Jeffrey Collins / AP

Police identify victims in South Carolina church shooting

The victims, ages 26 to 87, included a state senator, a recent graduate and a track team coach

A state senator, a librarian, a recent college graduate and a track team coach were among those gunned down in what authorities are calling a hate crime at a historical black church in Charleston, South Carolina.

Police on Thursday identified the victims of the shooting that killed nine in a prayer meeting at Emanuel African Methodist Episcopal Church the night before, and community member condolences for the deceased circulated widely around social and news media.

Clementa Pinckney, 41, was the pastor at the church where the shooting occurred, one of the oldest African-American houses of worship in the country. Pinckney had lived a life of firsts: He was ordained as a church elder at the age of 18. In 1997, he became South Carolina’s youngest member of the state house at the time, and in 2001, he became the youngest state senator.

He was active in Hillary Clinton’s bid for the 2016 Democratic presidential ticket, and spent much of his last day campaigning with Clinton in Charleston.

Pinckney had delivered a stirring sermon at a YWCA event in late April, entitled "Requiem on Racism," in which he said that love alone could end racism. "Irregardless of our faiths, our ethnicities, where we are from, together we come in love," he said. "Together we come to bury racism, to bury bigotry, and to resurrect and revive love, compassion and tenderness."

Another of the deceased was named as Sharonda Coleman-Singleton, 45, who coached the girl’s track team at Goose Creek High School, just north of Charleston. The school plans to hold a vigil for her at 7 p.m. local time.

Singleton was also a “teacher, pastor and mother,” according to a retweet by Chris Singleton, identified by national media as Coleman-Singleton’s son. Al Jazeera was unable to independently verify Singleton’s account.

A recent college graduate was also killed. Allen University mourned Tywanza Sanders, 26, who the university called “the youngest victim.” He graduated with a degree in business administration last year.

“He was a quiet, well known student who was committed to his education,” said a press release that university vice president Flavia Eldemire sent to Al Jazeera.

State Sen.
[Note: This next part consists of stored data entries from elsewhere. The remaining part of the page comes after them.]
Lemma is_path_boundary_arc i d : is_path (boundary_arc i d).
Proof.
elim: d i => [//|d IH] i.
have := IH i.+1; rewrite /= [boundary_arc i.+1 d]boundary_arcE /=.
by rewrite (curve_edge_adj (bvertex_edge i)).
Qed.

Definition chord (P : seq pt) : bool := [&& is_path P, startp P \in c & endp P \in c].

Definition ends (P : seq pt) : seq nat := [:: index (startp P) c; index (endp P) c].

Definition endpoints (L : seq (seq pt)) : seq nat := flatten (map ends L).

Definition sumlen (L : seq (seq pt)) : nat := \sum_(P <- L) len P.

Lemma chord_nil P : chord P -> P != [::].
Proof. by case: P. Qed.

Lemma endpoints_lt L : all chord L -> all (fun i => i < n) (endpoints L).
Proof.
move=> /allP chL; apply/allP => i /flatten_mapP[P /chL /and3P[_ Pc0 Pc1]].
by rewrite !inE => /orP[] /eqP->; rewrite index_mem.
Qed.

Lemma endpoints_even L : ~~ odd (size (endpoints L)).
Proof. by elim: L => //= P L; rewrite negbK. Qed.

Lemma endpoints_rem L P P0 : P \in L -> perm_eq (ends P0) (ends P) ->
  perm_eq (endpoints L) (ends P0 ++ endpoints (rem P L)).
Proof.
move=> PL P0P; apply: perm_trans (perm_flatten (perm_map ends (perm_to_rem PL))) _.
by rewrite -[flatten _]/(ends P ++ endpoints (rem P L)) perm_cat2r perm_sym.
Qed.

Definition orientations (P : seq pt) : seq (seq pt) := [:: P; rev P].

Lemma rev_orientations P P0 : P0 \in orientations P -> rev P0 \in orientations P.
Proof. by rewrite !inE => /orP[]/eqP->; rewrite ?revK eqxx ?orbT. Qed.

Lemma orientationsP P P0 : chord P -> P0 \in orientations P ->
  [/\ chord P0, len P0 = len P, sub_walk P P0, sub_walk P0 P &
      perm_eq (ends P0) (ends P)].
Proof.
move=> chP; rewrite !inE => /orP[] /eqP->.
  by split; rewrite ?perm_refl //; apply: sub_walk_refl.
move: chP => /and3P[Ppath Pc0 Pc1]; split.
- by rewrite /chord is_path_rev // startp_rev endp_rev Pc0 Pc1.
- exact: len_rev.
- exact: sub_walk_rev.
- by rewrite -{2}(revK P); apply: sub_walk_rev.
- by rewrite /ends startp_rev endp_rev; apply/permPl; apply: perm_catC [:: _] [:: _].
Qed.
Pinckney had also attended Allen University. “Our hearts and prayers are with the families of these two victims of this senseless act of violence,” the university’s interim president, Lady June Cole, was quoted as saying in the release.

The Charleston County Public Library (CCPL) was also in mourning Thursday, closing all 16 branches to mourn the loss of Cynthia Hurd, 54, a regional library manager in St. Andrews. Hurd had worked with the CCPL for 31 years.

“Cynthia was a tireless servant of the community who spent her life helping residents, making sure they had every opportunity for an education and personal growth,” the CCPL said in a release on its website. “Her loss is incomprehensible, and we ask for prayers for her family, her co-workers, her church and this entire community as we come together to face this tragic loss.”

Two other pastors were killed in the shooting: Myra Thompson, 59, and Rev. Daniel Simmons, 74. The Anglican Church of North America said on its Twitter account that Thompson was married to Rev. Anthony Thompson.

The third pastor, Rev. Daniel Simmons, 74, died on a hospital operating table after the shooting. He was a pastor at another Charleston church, according to ABC News.

Ethel Lance, 70, was a retired Gilliard Center Employee who worked for 30 years at the church, the Post and Courier newspaper said. Joe Quil Lance, her grandson, said that she was "the heart of the family."

Eighty-seven-year-old Susie Jackson was Lance's cousin and a longtime church member, the Post and Courier reported.

DePayne Doctor, 46, retired in 2005 as Charleston County director of the Community Development Block Grant Program, the Post and Courier said.

The Charleston Police Department did not respond to requests for further comment at time of publication.

Al Jazeera and The Associated Press. Azure Gilman contributed reporting.